(SUPPLIED INFORMATION Opens)

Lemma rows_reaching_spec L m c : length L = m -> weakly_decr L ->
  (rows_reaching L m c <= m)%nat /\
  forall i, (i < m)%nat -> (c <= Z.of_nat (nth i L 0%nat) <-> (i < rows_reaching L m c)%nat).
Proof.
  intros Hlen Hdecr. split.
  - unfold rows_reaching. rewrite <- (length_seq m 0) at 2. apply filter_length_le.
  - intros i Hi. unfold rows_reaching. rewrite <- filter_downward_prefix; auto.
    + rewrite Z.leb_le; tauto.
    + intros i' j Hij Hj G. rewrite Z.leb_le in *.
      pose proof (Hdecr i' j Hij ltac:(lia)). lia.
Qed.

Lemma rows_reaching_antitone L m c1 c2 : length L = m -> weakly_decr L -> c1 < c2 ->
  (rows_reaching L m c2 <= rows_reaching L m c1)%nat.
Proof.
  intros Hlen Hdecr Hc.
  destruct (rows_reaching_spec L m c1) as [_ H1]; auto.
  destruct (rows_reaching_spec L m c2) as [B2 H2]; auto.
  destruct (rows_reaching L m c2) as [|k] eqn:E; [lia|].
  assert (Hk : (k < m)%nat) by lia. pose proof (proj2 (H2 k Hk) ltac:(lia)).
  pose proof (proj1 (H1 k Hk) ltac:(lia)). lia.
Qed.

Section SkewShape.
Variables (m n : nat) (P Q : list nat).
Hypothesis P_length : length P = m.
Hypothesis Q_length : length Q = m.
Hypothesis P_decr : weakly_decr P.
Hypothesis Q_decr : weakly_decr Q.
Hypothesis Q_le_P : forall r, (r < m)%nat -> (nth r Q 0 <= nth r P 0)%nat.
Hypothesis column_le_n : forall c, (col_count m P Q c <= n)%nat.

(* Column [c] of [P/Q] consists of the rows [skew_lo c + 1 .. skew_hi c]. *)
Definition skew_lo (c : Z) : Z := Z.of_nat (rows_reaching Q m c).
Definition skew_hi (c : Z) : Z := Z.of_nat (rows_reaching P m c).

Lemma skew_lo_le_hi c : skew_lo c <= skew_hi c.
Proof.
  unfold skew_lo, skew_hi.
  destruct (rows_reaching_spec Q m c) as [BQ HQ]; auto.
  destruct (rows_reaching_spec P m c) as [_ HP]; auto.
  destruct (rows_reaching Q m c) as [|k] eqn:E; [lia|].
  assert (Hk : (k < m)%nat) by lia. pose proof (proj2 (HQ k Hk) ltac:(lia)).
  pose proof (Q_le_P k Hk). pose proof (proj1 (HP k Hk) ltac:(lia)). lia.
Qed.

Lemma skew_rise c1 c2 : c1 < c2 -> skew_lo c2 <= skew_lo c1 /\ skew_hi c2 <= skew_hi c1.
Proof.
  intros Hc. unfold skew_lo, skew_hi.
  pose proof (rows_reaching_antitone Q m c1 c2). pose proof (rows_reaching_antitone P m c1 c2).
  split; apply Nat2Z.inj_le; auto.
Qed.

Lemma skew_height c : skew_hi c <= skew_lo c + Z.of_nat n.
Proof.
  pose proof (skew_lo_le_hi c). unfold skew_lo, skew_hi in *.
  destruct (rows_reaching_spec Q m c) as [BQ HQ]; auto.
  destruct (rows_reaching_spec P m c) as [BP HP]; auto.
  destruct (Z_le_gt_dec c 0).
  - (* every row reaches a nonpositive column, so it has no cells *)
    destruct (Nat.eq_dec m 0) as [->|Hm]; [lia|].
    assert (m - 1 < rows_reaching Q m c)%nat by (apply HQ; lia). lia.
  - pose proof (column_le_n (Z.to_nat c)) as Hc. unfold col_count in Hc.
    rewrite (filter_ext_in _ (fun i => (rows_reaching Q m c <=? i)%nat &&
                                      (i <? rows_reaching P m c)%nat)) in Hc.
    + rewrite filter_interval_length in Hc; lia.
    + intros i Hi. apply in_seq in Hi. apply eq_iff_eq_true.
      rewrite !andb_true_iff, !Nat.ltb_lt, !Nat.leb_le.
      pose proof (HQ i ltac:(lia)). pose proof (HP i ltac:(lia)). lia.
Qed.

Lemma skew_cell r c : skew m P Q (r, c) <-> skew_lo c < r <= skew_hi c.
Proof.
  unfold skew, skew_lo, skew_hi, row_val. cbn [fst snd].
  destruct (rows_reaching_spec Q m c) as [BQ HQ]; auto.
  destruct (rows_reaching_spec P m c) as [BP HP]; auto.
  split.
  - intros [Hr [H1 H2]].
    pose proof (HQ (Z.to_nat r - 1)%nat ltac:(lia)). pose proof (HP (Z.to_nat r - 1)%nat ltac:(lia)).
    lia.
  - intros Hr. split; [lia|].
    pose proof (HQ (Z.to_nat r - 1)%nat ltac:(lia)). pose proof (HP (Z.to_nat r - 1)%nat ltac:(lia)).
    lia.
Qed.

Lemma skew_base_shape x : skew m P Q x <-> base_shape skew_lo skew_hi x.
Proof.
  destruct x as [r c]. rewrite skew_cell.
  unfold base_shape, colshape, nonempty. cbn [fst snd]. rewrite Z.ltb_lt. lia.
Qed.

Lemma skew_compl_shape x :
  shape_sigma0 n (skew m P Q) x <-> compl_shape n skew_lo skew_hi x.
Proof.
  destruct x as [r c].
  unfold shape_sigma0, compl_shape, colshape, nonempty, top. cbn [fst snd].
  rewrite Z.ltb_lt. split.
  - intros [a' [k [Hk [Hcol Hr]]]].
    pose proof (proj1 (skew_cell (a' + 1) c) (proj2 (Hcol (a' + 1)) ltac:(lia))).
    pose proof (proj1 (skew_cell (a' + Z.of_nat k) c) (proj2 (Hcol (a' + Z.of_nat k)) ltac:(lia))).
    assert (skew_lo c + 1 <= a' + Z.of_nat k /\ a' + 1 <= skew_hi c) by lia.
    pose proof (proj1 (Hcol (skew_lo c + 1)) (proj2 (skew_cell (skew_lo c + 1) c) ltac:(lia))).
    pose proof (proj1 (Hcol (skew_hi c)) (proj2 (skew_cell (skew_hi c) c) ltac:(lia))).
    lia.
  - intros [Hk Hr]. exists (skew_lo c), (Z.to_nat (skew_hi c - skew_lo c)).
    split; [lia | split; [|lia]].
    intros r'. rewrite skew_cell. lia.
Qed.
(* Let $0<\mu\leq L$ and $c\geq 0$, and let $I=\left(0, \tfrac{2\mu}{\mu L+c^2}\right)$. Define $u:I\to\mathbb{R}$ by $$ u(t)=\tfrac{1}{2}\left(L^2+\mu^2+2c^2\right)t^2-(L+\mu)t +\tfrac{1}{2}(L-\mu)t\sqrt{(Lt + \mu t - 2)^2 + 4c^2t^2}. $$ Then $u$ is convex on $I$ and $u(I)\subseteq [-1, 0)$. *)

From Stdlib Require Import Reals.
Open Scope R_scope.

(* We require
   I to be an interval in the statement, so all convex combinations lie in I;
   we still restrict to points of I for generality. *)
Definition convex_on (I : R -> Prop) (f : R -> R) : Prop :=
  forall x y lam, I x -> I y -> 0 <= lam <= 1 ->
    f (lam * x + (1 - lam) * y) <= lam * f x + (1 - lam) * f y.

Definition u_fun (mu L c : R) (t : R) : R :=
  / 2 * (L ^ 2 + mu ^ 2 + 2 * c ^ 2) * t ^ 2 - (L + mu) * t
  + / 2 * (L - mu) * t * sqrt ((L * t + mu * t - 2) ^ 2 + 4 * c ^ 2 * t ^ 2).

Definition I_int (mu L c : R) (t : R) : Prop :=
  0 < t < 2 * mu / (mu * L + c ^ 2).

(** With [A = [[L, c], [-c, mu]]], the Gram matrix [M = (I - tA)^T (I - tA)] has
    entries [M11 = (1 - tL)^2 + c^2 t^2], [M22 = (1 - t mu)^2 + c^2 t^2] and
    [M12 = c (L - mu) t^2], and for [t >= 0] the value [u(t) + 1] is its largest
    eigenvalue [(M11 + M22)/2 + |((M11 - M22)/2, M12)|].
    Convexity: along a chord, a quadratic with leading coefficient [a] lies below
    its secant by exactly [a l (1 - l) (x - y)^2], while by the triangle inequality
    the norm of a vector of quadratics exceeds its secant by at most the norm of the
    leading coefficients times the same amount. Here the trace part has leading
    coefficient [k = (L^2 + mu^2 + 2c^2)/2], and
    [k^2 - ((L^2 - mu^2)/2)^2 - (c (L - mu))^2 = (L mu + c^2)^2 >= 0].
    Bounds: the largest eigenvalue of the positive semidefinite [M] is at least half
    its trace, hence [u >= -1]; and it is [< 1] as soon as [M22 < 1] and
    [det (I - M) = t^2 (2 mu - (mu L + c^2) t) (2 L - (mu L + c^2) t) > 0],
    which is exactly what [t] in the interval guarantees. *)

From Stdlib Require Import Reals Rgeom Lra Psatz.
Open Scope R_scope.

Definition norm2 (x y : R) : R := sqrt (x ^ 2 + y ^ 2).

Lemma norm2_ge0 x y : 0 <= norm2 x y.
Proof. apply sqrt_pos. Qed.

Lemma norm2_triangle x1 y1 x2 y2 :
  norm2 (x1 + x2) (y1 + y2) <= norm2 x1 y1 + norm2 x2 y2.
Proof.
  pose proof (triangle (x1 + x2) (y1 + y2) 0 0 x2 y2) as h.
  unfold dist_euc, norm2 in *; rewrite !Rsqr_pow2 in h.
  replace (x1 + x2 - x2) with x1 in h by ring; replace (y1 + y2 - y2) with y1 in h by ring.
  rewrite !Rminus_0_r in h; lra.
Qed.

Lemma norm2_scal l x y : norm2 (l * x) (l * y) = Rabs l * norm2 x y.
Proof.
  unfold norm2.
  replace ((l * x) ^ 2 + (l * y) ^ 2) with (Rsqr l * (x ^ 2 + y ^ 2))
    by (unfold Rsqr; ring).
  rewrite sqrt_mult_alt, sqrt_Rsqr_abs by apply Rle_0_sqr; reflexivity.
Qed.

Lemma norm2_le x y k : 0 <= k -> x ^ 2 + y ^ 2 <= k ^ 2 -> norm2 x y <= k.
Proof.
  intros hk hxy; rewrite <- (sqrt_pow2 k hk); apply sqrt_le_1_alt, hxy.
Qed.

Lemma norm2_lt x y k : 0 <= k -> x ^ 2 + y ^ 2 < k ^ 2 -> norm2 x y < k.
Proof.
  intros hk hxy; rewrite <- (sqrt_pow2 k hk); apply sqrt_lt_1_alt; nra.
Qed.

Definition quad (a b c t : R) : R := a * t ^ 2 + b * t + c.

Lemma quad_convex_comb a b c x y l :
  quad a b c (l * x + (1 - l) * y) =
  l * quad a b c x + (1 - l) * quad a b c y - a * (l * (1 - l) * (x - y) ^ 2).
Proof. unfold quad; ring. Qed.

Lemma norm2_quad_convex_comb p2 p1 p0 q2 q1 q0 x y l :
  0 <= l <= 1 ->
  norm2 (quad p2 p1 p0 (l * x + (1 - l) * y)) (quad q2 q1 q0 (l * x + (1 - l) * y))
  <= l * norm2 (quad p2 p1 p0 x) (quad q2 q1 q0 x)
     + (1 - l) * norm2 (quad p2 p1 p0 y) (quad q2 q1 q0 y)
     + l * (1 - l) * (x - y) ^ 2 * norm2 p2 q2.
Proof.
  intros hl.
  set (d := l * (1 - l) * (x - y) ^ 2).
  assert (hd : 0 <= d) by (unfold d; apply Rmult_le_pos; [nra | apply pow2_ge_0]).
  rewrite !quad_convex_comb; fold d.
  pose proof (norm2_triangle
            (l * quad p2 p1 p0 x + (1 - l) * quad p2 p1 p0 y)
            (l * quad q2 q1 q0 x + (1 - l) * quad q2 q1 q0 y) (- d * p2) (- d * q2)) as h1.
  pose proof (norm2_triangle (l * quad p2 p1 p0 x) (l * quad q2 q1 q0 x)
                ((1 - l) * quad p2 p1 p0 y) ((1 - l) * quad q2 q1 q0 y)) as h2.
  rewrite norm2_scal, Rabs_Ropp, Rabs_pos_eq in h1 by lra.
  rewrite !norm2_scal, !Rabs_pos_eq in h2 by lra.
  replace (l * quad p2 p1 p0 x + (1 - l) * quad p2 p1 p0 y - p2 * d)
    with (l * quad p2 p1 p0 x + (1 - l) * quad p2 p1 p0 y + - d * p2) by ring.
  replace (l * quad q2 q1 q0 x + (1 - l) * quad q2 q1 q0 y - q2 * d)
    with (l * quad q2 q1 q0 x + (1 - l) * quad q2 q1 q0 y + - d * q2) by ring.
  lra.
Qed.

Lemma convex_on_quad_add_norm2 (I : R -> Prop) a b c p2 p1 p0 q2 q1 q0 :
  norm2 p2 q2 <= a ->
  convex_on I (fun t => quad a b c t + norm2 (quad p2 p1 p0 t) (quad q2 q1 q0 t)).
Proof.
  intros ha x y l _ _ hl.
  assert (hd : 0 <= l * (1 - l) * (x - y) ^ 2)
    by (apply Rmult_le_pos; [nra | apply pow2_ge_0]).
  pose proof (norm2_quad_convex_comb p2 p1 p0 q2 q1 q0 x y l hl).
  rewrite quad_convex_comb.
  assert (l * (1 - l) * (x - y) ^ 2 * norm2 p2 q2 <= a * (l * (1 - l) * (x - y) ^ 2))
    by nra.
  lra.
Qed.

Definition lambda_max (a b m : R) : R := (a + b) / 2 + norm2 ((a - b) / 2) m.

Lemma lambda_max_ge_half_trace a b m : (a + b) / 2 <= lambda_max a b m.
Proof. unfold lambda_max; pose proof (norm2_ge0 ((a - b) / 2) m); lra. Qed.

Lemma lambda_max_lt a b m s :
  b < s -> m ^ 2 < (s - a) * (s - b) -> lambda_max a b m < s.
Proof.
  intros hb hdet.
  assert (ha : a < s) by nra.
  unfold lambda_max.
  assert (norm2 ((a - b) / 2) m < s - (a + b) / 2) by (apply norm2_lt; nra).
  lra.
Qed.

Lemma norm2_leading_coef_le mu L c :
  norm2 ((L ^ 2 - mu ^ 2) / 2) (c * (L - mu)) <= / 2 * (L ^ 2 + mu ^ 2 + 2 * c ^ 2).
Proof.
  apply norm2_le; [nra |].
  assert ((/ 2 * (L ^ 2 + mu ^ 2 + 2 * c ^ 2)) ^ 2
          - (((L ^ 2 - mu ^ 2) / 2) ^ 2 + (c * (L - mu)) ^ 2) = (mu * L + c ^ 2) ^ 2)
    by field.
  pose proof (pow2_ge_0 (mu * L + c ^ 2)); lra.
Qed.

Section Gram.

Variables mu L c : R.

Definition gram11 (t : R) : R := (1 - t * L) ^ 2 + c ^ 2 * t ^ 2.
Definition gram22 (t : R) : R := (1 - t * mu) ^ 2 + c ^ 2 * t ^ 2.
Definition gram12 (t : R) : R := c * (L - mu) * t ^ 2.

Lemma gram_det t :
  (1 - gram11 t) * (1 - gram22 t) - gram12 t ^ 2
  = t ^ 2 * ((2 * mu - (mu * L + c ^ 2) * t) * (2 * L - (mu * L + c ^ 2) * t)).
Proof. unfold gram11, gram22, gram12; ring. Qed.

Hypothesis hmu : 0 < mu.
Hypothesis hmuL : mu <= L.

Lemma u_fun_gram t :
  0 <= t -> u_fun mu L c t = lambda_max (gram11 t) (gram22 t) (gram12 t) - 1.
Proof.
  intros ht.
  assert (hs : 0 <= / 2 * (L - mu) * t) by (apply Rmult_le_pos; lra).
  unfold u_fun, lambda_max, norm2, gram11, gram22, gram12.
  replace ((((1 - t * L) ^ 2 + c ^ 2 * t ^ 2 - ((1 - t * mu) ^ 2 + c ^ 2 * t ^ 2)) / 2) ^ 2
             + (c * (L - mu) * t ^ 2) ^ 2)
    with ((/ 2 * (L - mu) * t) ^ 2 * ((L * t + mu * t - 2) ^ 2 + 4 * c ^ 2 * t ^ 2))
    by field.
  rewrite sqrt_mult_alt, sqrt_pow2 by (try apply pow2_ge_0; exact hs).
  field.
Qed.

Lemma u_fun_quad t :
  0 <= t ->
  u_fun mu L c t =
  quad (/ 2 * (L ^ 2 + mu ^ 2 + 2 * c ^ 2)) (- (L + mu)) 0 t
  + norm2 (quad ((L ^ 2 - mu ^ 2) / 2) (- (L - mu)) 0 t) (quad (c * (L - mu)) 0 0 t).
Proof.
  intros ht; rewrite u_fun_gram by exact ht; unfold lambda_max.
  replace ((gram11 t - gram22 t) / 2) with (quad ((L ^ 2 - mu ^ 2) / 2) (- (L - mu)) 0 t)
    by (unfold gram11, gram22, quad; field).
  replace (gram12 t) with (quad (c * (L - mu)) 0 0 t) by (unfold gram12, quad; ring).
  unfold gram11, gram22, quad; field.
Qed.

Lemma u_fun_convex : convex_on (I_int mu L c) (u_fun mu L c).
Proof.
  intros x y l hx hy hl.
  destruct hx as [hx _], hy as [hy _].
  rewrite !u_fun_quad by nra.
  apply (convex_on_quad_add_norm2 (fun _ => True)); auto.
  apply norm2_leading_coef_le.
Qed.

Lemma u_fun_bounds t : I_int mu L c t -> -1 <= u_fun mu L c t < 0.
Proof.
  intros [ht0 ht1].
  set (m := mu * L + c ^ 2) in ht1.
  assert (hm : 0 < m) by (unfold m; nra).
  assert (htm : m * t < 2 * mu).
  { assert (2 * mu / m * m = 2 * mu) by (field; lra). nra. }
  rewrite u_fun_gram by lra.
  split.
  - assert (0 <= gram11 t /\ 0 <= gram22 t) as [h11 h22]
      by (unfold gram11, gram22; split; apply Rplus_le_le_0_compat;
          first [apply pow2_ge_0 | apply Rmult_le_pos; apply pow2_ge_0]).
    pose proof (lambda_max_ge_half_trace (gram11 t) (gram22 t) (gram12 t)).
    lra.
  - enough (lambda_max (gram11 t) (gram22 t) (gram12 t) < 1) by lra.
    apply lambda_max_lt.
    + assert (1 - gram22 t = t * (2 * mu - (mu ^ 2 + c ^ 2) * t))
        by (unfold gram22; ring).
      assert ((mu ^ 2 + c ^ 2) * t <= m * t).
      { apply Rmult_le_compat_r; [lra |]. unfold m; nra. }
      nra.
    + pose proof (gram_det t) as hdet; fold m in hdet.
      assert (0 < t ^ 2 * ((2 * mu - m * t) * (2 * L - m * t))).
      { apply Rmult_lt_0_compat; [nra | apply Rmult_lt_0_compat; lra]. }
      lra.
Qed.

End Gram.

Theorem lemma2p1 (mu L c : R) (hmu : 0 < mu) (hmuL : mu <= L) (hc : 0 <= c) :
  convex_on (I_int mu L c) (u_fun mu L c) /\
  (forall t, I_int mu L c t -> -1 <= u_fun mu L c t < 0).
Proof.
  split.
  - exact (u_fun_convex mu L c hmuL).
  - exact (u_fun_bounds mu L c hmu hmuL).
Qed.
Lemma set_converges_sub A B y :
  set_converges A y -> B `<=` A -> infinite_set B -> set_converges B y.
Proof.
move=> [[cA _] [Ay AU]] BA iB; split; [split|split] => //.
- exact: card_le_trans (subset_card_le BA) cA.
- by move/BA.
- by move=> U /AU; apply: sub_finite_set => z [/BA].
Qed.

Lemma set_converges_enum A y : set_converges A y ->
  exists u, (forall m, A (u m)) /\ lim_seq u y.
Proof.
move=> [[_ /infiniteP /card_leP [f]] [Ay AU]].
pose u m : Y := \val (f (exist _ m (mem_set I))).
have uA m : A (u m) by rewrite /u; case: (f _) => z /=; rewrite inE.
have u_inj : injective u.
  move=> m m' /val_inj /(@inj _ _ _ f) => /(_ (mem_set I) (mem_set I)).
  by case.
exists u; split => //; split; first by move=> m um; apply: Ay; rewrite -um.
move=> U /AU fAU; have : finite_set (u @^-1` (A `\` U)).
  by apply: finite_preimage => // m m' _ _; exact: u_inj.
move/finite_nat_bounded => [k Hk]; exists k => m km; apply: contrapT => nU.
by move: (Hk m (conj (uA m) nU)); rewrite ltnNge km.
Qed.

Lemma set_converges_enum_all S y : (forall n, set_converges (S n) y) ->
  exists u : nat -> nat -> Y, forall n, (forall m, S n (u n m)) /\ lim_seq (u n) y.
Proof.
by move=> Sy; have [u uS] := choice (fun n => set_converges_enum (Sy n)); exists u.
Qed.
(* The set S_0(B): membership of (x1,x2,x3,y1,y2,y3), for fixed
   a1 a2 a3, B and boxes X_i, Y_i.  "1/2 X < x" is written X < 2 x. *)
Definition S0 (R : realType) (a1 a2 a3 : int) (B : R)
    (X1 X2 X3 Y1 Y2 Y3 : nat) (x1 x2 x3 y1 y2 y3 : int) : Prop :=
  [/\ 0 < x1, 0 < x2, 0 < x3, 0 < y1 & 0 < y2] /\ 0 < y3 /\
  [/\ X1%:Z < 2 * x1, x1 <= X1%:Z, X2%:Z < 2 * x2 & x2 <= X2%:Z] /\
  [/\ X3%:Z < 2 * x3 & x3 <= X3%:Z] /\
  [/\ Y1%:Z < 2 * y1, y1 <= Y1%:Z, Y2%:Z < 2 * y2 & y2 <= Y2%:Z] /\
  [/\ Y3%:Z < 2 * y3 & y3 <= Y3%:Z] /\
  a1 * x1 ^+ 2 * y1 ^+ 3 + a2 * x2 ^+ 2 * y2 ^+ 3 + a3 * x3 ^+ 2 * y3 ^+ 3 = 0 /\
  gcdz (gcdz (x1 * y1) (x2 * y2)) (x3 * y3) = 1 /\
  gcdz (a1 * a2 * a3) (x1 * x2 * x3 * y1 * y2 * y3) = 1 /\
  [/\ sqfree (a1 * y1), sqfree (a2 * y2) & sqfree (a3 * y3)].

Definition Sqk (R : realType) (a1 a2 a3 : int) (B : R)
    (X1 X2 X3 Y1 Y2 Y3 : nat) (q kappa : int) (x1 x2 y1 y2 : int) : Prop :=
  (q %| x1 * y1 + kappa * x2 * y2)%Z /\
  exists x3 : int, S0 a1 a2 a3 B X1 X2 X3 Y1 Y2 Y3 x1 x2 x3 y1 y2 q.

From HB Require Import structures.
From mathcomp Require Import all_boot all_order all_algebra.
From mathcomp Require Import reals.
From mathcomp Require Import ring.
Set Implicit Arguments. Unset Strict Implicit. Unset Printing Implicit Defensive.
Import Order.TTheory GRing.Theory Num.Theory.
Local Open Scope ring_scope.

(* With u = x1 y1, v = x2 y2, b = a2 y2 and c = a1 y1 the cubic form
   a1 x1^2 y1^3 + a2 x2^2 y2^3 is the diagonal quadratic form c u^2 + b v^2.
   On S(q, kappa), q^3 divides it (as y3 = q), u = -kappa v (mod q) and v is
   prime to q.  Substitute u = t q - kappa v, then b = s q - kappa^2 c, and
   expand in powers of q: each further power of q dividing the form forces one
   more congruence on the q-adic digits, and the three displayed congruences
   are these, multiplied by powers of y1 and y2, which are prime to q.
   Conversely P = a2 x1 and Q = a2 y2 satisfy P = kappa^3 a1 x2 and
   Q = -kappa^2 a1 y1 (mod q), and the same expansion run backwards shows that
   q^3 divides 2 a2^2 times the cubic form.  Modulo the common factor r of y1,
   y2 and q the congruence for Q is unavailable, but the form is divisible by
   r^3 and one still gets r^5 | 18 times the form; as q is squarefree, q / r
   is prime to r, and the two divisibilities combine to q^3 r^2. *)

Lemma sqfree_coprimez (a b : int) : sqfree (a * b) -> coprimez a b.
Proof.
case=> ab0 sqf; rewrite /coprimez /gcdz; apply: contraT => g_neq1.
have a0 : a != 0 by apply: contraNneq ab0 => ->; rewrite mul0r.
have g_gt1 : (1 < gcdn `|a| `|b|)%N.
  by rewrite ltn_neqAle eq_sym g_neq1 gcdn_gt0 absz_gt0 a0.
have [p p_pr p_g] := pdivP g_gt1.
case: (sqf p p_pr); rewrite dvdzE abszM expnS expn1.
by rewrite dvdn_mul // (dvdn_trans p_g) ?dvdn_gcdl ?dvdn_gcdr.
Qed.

(SUPPLIED INFORMATION Closes)

# WHAT THE TASK ASKS:
Once every line above has been checked for the string "Variables", give the number of matching lines and nothing more.

# TASK OUTPUT:
2